Она угостила меня виски, мы закурили и начали беседовать.
— Дорогой Джон, — сказала она, наклоняясь ко мне через ручку своего кресла. — Вы оказали мне огромную услугу. Я никогда не забуду…
— Ну, что вы… Право же, это мелочь. Мне жаль, что не пришлось вступить в бой ради вас, графиня. Поверьте — это так!
Я бы сейчас с удовольствием сразился с целой ротой, чтобы доказать, какое чувство я питаю к этой женщине.
Она едва пригубила свой бокал, но я залпом проглотил уже четвертую порцию отличного виски.
Чуть позже я дерзко наклонился к ее руке, лежавшей на ручке кресла, и поцеловал ее…
Она словно не заметила этого…
Взглянув на нее, я увидел, что она, опустив глаза, улыбается. Но что это была за улыбка!
Эта женщина улыбалась так, словно с трудом сдерживала слезы. Я так ее про себя и назвал: «смеющаяся сквозь слезы графиня».
— Вы дерзки, но не назойливы, так что я на вас не обижена…
Это тоже было верно. Я попробовал подвинуть свое кресло чуть поближе к ней, но это чертово сооружение зацепилось за ковер, так что я чуть не очутился на полу и, спасая положение, опрокинул бутылку с виски.
— Прошу прощения…
— Ерунда… Точь-в-точь то же самое случилось когда-то с маркизом Валуа.
Такое и впрямь случается даже с самыми знатными вельможами. Самое главное то, что теперь я сидел совсем рядом с нею. Сердце у меня колотилось так, будто собиралось выскочить из-под мундира. Голова кружилась от аромата жасмина и ее духов.
— Почему… вы убежали из казармы? — спросила она и наклонилась, почти прикасаясь ко мне.
Я сумел лишь пробормотать в ответ:
— Увидел одного подлеца… со стены… и бросился за ним в погоню…

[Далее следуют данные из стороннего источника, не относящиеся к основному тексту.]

Lemma prod_pmf_mass n : \sum_y \sum_(x : 'rV[Z]_(2 ^ n)) prod_pmf x y = 1.
Proof.
rewrite exchange_big /=.
under eq_bigr => x _ do rewrite /prod_pmf -(bigA_distr_bigA (fun j v => P (x 0 j) v)) /=.
rewrite (reindex (fun f : {ffun 'I_(2 ^ n) -> Z} => \row_j f j)) /=; last first.
  exists (fun x : 'rV[Z]_(2 ^ n) => [ffun j => x 0 j]) => [f _|x _].
    by apply/ffunP => j; rewrite ffunE mxE.
  by apply/rowP => j; rewrite mxE ffunE.
under eq_bigr => f _ do under eq_bigr => j _ do rewrite mxE.
by rewrite -(bigA_distr_bigA (fun j u => \sum_v P u v)) /= big1.
Qed.

Lemma pUQ_mass n (I : 'I_(2 ^ n)) : \sum_q \sum_u pmf n I u q = 1.
Proof.
have -> : \sum_q \sum_u pmf n I u q = \sum_g \sum_y \sum_u pmf n I u (g, y).
  by rewrite [RHS]pair_bigA; apply: eq_bigr => -[].
rewrite -(prod_pmf_mass n) exchange_big /=; apply: eq_bigr => y _.
under eq_bigr => g _ do under eq_bigr => u _ do rewrite pUQ_polar /=.
under eq_bigr => g _ do rewrite exchange_big /=.
rewrite exchange_big /=; apply: eq_bigr => x _.
under eq_bigr => g _ do under eq_bigr => u _ do rewrite natr_andb mulrA.
under eq_bigr => g _ do rewrite -mulr_suml -mulr_sumr sum_eq_natr mulr1.
under eq_bigr => g _ do rewrite is_prefix_eq eq_sym.
by rewrite -mulr_sumr sum_eq_natr mulr1.
Qed.

Definition ffun_lo n (y : {ffun 'I_(2 ^ n.+1) -> Y}) : {ffun 'I_(2 ^ n) -> Y} :=
  [ffun j => y (lo_ord j)].
Definition ffun_hi n (y : {ffun 'I_(2 ^ n.+1) -> Y}) : {ffun 'I_(2 ^ n) -> Y} :=
  [ffun j => y (hi_ord j)].

Lemma prod_pmf_join n (x1 x2 : 'rV[Z]_(2 ^ n)) y :
  prod_pmf (join x1 x2) y = prod_pmf x1 (ffun_lo y) * prod_pmf x2 (ffun_hi y).
Proof.
by rewrite /prod_pmf big_ord_exp2S; congr (_ * _); apply: eq_bigr => c _;
  rewrite ffunE ?join_lo ?join_hi.
Qed.

Lemma ffun_lohi_inj n (y y' : {ffun 'I_(2 ^ n.+1) -> Y}) :
  ffun_lo y = ffun_lo y' -> ffun_hi y = ffun_hi y' -> y = y'.
Proof.
move=> /ffunP Elo /ffunP Ehi; apply: ffun_exp2S_inj => k.
  by have := Elo k; rewrite !ffunE.
by have := Ehi k; rewrite !ffunE.
Qed.

Definition split_obs n m I (q : obs n.+1 m) : obs n I * obs n I :=
  ((prefix_lo I q.1, ffun_lo q.2), (prefix_hi I q.1, ffun_hi q.2)).

Lemma split_obs_inj n m I : m = (2 * I)%N -> injective (@split_obs n m I).
Proof.
move=> def_m [g y] [g' y'] [Elo Eylo Ehi Eyhi]; congr pair; last exact: ffun_lohi_inj.
by apply: (prefix_lohi_inj (b := false)) Elo Ehi _; rewrite ?addn0.
Qed.

Lemma split_obs_sum_inj n m I : m = (2 * I + 1)%N ->
  injective (fun q : obs n.+1 m => (zext q.1 (2 * I), split_obs I q)).
Proof.
move=> def_m [g y] [g' y'] [Es Elo Eylo Ehi Eyhi]; congr pair; last exact: ffun_lohi_inj.
exact: (prefix_lohi_inj (b := true)) Elo Ehi _.
Qed.

Lemma pUQ_even n (A : 'I_(2 ^ n.+1)) (I : 'I_(2 ^ n)) : val A = (2 * I)%N -> forall u q,
  pmf n.+1 A u q = conv (pmf n I ^~ (split_obs I q).1) (pmf n I ^~ (split_obs I q).2) u.
Proof.
move=> def_A u q; have def_A0 : val A = (2 * I + false)%N by rewrite addn0.
rewrite pUQ_polar sum_join /conv.
under [RHS]eq_bigr => v _ do rewrite !pUQ_polar big_distrlr /=.
rewrite [RHS]exchange_big; apply: eq_bigr => x1 _.
rewrite [RHS]exchange_big; apply: eq_bigr => x2 _.
rewrite prod_pmf_join (is_prefix_butterfly (polar_join x1 x2) q.1 def_A0) andbT.
have -> : polar (join x1 x2) A = polar x1 I + polar x2 I by rewrite def_A0 polar_join.
set p1 := prod_pmf x1 _; set p2 := prod_pmf x2 _.
set e1 := is_prefix (polar x1) _; set e2 := is_prefix (polar x2) _.
rewrite (eq_bigr (fun v =>
    (polar x1 I == v)%:R * (p1 * p2 * e1%:R * e2%:R * (polar x2 I == u - v)%:R))); last first.
  by move=> v _; rewrite !natr_andb; ring.
have -> : (polar x1 I + polar x2 I == u) = (polar x2 I == u - polar x1 I).
  by rewrite [RHS]eq_sym subr_eq addrC eq_sym.
by rewrite sum_eq_natr_mul !natr_andb; ring.
Qed.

— А как же вы очутились там… в кафе?…
— Он забежал туда… я за ним…
Тем временем она как заботливая хозяйка все подливала мне виски, а я пил, потому что выпивка делает человека более приятным собеседником.
— Жарко здесь…
Она вздохнула, встала и прошлась по комнате. Клянусь — такой великолепной фигуры, как у нее, я в жизни не видывал. Сама ее походка с медленными, упругими шагами была как музыка.
…Потом она играла на пианино и пела… Было просто великолепно. У графини могли бы поучиться и профессиональные певицы из ресторанов.
Когда она закончила петь, я опустился перед нею на одно колено.
— Графиня… я с радостью умер бы за вас, — прошептал я с мужской простотой. — И… и…
Да… Она слегка погладила мою склоненную голову. Меня всего, от головы до пят, словно током пронизало от этого прикосновения.
— Верю… Я почти не знаю вас, Джон, но чувствую, что вы — смелый, честный, великодушный и умный человек.